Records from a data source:
------------------------------------------------------------------------

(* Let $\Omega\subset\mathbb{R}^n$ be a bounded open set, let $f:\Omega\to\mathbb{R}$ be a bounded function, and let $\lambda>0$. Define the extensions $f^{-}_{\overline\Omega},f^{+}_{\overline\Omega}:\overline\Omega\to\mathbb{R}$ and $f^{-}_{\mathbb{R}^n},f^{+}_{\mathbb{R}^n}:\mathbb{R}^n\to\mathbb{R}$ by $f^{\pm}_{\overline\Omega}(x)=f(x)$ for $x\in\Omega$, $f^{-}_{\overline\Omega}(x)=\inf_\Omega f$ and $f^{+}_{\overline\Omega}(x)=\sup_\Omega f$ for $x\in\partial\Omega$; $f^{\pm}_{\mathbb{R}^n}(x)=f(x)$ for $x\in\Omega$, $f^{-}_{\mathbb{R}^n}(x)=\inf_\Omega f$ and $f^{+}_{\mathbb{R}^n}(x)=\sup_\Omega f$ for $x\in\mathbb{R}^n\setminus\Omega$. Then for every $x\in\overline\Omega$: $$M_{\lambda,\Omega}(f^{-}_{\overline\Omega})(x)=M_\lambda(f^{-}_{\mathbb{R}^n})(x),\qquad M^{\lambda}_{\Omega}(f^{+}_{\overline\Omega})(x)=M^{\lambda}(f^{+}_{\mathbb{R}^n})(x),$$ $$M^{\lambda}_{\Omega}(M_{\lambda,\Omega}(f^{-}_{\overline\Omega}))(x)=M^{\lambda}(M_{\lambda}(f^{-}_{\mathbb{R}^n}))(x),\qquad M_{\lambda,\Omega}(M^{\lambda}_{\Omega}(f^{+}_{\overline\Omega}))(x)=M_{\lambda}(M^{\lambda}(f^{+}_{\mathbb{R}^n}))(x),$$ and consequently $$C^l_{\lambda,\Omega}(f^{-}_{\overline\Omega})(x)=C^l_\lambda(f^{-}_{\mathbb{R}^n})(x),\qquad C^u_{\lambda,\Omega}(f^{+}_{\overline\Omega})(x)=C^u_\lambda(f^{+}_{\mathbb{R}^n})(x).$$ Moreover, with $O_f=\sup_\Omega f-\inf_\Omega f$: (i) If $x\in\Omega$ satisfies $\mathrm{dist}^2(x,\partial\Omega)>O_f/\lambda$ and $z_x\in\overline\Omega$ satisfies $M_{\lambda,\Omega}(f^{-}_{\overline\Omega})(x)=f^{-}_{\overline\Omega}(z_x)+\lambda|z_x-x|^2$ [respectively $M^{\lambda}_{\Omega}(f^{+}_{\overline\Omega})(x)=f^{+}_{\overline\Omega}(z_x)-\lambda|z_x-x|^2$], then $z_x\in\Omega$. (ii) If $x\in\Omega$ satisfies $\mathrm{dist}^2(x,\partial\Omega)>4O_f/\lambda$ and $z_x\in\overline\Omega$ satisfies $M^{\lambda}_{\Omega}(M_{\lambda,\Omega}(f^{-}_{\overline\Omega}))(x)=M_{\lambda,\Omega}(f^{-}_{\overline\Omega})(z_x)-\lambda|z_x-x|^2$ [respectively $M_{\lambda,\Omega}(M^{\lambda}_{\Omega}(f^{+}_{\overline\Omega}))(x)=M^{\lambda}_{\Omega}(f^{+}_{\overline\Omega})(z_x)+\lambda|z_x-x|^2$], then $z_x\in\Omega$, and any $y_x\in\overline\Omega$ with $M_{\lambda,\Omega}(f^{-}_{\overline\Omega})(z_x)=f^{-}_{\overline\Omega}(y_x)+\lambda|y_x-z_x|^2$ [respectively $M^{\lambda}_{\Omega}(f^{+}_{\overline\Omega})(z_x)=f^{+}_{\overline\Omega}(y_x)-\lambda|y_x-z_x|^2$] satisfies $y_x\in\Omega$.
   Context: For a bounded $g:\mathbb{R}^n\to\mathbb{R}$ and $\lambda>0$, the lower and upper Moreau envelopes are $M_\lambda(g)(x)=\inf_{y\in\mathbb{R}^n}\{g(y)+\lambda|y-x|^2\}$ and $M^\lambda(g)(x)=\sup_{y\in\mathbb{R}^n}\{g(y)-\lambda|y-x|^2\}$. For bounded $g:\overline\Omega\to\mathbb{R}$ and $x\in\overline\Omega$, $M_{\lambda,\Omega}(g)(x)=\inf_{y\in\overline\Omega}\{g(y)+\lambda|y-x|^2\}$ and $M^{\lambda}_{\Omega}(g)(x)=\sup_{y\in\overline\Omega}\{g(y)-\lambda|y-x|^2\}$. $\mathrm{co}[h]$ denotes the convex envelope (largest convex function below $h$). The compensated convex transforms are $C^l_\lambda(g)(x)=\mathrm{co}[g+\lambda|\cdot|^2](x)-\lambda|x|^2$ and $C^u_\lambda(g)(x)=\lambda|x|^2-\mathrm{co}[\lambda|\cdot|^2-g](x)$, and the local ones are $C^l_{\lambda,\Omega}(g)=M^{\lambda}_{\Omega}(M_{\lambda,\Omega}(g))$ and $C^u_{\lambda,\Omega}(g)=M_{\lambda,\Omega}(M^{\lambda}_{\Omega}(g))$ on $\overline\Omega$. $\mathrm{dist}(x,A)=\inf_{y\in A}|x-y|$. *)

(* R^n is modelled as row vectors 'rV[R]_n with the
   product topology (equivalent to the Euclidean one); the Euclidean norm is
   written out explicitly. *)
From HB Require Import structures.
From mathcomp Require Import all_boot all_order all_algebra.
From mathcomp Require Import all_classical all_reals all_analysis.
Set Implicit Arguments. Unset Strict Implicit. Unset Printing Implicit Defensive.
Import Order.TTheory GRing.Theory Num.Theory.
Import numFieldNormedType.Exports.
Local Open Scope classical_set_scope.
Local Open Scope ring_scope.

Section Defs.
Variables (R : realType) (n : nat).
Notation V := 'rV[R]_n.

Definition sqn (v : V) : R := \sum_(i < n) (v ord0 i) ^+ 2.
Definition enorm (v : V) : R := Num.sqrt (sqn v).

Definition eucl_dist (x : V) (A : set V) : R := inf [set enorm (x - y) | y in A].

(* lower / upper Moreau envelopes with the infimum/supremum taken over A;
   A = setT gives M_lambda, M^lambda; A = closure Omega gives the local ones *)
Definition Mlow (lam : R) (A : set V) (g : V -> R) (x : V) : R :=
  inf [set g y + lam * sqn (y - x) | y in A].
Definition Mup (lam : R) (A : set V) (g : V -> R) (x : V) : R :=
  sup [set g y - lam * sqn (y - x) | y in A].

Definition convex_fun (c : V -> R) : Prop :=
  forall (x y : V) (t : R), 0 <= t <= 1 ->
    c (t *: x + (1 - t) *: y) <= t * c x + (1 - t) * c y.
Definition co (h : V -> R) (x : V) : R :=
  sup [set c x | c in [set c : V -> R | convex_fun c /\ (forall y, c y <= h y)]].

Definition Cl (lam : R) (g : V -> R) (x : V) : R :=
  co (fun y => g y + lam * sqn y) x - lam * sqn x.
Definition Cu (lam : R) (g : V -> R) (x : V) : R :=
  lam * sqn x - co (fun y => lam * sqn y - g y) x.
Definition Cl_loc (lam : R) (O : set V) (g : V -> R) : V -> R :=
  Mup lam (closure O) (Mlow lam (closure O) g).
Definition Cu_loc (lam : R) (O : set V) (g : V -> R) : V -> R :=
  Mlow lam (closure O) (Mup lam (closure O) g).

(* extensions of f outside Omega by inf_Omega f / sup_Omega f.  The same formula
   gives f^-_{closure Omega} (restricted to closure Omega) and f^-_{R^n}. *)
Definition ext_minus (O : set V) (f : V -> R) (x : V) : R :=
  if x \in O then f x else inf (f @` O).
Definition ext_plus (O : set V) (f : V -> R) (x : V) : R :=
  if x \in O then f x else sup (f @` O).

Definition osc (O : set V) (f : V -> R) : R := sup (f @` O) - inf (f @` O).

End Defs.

------------------------------------------------------------------------

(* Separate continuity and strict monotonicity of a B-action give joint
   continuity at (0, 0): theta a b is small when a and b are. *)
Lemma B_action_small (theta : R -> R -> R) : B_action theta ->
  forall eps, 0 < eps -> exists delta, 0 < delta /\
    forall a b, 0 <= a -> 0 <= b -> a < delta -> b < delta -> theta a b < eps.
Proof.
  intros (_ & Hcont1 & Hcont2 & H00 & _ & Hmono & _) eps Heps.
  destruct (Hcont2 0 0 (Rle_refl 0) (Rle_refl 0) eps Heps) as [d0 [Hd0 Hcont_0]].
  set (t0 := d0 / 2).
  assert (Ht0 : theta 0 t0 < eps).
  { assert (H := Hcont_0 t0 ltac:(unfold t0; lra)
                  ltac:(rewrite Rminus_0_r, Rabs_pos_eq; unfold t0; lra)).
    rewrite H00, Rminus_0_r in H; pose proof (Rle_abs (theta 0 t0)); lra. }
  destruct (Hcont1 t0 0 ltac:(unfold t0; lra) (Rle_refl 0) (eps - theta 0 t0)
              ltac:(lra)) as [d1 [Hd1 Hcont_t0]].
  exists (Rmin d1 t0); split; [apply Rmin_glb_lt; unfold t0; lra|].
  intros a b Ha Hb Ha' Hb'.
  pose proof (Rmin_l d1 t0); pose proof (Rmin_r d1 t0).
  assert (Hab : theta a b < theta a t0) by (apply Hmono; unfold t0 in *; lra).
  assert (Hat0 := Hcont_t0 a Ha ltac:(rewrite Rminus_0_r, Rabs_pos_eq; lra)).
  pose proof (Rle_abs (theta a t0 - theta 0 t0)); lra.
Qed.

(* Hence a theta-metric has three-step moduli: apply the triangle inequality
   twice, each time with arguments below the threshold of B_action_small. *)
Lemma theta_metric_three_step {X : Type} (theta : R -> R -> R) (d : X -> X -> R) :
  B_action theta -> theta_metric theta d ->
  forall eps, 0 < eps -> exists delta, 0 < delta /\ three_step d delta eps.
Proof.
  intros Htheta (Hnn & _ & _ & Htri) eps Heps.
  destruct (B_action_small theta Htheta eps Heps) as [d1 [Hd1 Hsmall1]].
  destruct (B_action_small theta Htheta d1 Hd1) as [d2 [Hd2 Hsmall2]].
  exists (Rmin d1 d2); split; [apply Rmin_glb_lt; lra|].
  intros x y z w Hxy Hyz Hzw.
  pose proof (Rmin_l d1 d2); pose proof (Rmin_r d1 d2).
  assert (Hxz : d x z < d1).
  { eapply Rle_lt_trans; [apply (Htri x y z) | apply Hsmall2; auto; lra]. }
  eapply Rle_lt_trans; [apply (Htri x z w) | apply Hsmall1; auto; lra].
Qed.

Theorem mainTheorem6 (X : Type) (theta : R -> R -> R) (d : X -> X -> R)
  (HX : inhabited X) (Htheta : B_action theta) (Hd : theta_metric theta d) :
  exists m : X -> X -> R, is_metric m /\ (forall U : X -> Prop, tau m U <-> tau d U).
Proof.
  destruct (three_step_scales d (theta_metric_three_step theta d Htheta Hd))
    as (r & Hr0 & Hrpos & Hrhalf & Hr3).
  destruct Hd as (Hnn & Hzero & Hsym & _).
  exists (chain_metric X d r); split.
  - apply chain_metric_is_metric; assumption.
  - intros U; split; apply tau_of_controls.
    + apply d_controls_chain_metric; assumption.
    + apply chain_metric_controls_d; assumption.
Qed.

------------------------------------------------------------------------

_Task_. Your reply should be only the count of lines in the entries above that contain the word "pose".

_Task output_. 4